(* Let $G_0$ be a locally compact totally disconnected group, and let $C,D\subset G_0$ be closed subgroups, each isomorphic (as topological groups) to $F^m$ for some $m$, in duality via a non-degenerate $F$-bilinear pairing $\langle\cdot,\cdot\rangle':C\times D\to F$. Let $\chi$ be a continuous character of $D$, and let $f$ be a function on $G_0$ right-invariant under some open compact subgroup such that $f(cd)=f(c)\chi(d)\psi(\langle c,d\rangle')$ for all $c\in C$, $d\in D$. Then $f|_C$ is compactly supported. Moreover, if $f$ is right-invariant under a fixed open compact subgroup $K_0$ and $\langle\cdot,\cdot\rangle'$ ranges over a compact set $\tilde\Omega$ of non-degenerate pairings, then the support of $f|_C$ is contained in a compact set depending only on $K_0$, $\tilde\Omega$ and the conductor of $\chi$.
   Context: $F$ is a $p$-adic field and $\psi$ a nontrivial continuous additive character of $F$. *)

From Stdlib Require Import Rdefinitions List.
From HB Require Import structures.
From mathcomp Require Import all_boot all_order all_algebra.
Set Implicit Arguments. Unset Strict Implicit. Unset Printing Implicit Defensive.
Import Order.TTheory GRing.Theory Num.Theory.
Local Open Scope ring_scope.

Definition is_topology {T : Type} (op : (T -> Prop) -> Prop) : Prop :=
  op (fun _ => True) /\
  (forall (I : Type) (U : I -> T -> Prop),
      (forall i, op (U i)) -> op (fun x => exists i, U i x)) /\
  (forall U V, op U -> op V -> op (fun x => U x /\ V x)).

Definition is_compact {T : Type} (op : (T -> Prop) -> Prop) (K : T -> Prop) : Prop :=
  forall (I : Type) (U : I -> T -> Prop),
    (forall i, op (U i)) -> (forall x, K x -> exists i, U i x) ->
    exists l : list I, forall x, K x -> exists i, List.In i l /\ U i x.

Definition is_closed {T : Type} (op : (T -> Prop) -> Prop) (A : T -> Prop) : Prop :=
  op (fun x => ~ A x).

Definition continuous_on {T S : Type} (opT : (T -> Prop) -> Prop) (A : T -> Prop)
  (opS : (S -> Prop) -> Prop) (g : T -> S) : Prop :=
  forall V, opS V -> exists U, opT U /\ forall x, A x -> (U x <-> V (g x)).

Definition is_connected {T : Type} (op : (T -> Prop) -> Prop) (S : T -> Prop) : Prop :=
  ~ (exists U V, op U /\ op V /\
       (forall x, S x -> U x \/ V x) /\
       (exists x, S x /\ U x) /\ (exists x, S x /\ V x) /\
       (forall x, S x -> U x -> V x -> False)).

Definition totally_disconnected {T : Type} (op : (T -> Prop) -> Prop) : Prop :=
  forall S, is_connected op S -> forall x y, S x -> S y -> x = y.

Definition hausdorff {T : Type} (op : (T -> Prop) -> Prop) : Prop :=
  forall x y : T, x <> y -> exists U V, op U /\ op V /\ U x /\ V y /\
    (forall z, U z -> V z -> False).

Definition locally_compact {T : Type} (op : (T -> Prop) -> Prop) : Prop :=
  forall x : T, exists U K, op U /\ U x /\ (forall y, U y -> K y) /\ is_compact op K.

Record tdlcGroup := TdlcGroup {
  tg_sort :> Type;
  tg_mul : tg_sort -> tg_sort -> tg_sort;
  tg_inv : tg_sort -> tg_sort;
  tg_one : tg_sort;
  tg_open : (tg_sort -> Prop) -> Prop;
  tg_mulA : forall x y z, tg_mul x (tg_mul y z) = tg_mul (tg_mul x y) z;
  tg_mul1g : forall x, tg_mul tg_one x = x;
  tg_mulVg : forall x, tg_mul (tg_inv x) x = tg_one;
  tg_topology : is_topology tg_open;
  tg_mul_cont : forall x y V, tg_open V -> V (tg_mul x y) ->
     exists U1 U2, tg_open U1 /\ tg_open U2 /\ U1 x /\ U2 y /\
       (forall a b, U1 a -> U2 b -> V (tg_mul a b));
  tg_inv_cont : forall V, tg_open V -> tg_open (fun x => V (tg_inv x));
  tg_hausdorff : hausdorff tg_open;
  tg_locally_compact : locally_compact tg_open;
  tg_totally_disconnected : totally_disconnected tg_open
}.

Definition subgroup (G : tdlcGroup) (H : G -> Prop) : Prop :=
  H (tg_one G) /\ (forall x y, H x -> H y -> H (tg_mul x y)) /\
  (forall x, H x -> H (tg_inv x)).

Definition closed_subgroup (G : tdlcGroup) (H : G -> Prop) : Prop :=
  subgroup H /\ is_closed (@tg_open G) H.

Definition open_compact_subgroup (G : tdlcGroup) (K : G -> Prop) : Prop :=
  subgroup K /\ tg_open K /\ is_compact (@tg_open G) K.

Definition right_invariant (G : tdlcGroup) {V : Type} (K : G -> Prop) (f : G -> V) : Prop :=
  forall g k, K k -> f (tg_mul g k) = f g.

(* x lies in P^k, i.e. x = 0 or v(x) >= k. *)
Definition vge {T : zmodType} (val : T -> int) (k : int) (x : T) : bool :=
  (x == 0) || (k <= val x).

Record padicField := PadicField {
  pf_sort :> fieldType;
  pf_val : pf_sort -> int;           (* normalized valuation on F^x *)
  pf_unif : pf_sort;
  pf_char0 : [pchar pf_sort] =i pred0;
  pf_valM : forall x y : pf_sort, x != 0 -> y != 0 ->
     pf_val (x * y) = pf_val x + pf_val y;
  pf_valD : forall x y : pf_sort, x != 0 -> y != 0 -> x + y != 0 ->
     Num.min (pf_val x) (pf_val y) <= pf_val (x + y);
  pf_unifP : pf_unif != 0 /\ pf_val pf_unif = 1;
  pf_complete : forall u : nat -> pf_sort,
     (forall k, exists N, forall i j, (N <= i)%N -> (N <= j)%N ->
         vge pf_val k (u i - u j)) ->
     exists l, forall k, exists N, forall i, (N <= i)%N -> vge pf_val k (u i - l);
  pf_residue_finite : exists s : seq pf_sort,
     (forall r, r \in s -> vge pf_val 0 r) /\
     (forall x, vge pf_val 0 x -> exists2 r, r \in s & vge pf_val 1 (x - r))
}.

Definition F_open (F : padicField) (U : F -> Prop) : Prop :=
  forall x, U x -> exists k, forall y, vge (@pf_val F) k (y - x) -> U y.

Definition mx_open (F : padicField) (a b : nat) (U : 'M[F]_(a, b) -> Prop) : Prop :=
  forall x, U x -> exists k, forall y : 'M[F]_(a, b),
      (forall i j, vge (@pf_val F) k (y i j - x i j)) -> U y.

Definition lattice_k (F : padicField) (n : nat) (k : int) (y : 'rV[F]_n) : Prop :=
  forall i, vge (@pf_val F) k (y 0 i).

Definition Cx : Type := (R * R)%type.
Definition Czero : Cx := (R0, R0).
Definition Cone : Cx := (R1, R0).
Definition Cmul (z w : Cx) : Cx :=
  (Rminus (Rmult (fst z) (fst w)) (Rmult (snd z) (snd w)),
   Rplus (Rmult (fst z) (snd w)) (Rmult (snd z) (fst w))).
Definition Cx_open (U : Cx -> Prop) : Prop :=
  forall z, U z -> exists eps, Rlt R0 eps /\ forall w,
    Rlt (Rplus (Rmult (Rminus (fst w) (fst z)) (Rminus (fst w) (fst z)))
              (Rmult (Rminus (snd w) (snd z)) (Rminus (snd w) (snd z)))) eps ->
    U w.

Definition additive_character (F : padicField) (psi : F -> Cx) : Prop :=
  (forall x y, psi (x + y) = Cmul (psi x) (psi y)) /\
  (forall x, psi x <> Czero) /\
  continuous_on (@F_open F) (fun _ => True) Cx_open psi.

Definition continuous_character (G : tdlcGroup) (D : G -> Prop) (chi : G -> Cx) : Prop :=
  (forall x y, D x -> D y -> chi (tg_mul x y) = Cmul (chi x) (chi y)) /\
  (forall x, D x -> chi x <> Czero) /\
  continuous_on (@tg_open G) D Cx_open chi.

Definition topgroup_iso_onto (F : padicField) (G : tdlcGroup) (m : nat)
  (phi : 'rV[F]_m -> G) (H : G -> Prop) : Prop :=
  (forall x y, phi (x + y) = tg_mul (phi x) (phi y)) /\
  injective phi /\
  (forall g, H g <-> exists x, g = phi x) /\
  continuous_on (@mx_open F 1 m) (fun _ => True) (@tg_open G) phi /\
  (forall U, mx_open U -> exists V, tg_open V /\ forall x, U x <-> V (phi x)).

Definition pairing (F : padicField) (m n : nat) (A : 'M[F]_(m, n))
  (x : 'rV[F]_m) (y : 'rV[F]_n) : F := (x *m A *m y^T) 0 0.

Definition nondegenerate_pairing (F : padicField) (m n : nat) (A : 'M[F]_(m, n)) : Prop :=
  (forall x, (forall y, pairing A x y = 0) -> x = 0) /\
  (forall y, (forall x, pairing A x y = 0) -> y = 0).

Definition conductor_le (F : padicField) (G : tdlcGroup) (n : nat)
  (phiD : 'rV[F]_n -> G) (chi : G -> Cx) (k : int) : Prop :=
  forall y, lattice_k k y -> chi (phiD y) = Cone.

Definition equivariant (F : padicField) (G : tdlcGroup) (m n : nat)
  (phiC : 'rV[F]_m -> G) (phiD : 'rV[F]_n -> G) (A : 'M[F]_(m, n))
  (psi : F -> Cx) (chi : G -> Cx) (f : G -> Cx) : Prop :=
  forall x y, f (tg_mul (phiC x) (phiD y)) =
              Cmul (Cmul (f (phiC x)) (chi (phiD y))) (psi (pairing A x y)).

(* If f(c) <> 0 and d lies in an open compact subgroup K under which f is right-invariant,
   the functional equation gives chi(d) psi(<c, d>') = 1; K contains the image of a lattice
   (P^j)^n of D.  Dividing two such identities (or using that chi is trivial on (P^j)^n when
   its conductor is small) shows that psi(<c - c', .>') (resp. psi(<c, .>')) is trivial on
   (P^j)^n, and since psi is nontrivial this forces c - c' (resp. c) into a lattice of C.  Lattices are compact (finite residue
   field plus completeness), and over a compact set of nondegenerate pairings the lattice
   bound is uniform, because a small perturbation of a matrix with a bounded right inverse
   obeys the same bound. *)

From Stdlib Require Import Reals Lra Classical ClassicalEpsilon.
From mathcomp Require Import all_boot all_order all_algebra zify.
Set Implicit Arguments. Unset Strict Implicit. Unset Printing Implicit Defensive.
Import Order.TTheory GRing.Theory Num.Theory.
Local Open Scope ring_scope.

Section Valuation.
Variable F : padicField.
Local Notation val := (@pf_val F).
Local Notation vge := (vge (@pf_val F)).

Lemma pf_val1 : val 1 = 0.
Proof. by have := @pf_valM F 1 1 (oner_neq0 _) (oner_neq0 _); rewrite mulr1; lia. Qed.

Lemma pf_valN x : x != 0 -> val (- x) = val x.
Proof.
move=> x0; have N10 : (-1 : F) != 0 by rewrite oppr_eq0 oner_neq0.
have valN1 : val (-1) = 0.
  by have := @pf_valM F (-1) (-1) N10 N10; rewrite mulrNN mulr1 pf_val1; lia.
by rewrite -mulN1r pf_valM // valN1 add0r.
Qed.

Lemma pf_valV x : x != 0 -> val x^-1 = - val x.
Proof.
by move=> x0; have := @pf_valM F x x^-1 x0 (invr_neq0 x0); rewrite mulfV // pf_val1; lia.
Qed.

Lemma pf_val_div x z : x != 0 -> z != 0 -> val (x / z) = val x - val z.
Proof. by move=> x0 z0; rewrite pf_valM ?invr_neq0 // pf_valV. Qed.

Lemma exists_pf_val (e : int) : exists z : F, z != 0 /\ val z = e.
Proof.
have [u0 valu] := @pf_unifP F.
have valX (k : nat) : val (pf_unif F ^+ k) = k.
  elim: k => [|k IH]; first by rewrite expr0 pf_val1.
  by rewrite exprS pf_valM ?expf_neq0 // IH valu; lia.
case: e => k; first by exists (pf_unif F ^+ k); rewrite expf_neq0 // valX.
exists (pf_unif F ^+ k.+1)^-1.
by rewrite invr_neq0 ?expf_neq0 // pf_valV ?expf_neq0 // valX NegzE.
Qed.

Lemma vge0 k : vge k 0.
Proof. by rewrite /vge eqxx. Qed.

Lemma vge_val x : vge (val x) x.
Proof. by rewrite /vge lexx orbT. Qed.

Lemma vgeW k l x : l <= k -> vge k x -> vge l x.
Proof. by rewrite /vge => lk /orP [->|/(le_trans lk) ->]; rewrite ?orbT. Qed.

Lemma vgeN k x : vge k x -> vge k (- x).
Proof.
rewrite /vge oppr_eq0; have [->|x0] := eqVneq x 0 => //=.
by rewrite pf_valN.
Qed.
* * * * * * * * *
# WORK ORDER
Here the output must be the lines above from the line with "tg_mul_cont : forall" to the line with "tg_hausdorff : hausdorff tg_open;", both included, duplicated word for word and nothing else.

# EXERCISE OUTPUT
  tg_mul_cont : forall x y V, tg_open V -> V (tg_mul x y) ->
     exists U1 U2, tg_open U1 /\ tg_open U2 /\ U1 x /\ U2 y /\
       (forall a b, U1 a -> U2 b -> V (tg_mul a b));
  tg_inv_cont : forall V, tg_open V -> tg_open (fun x => V (tg_inv x));
  tg_hausdorff : hausdorff tg_open;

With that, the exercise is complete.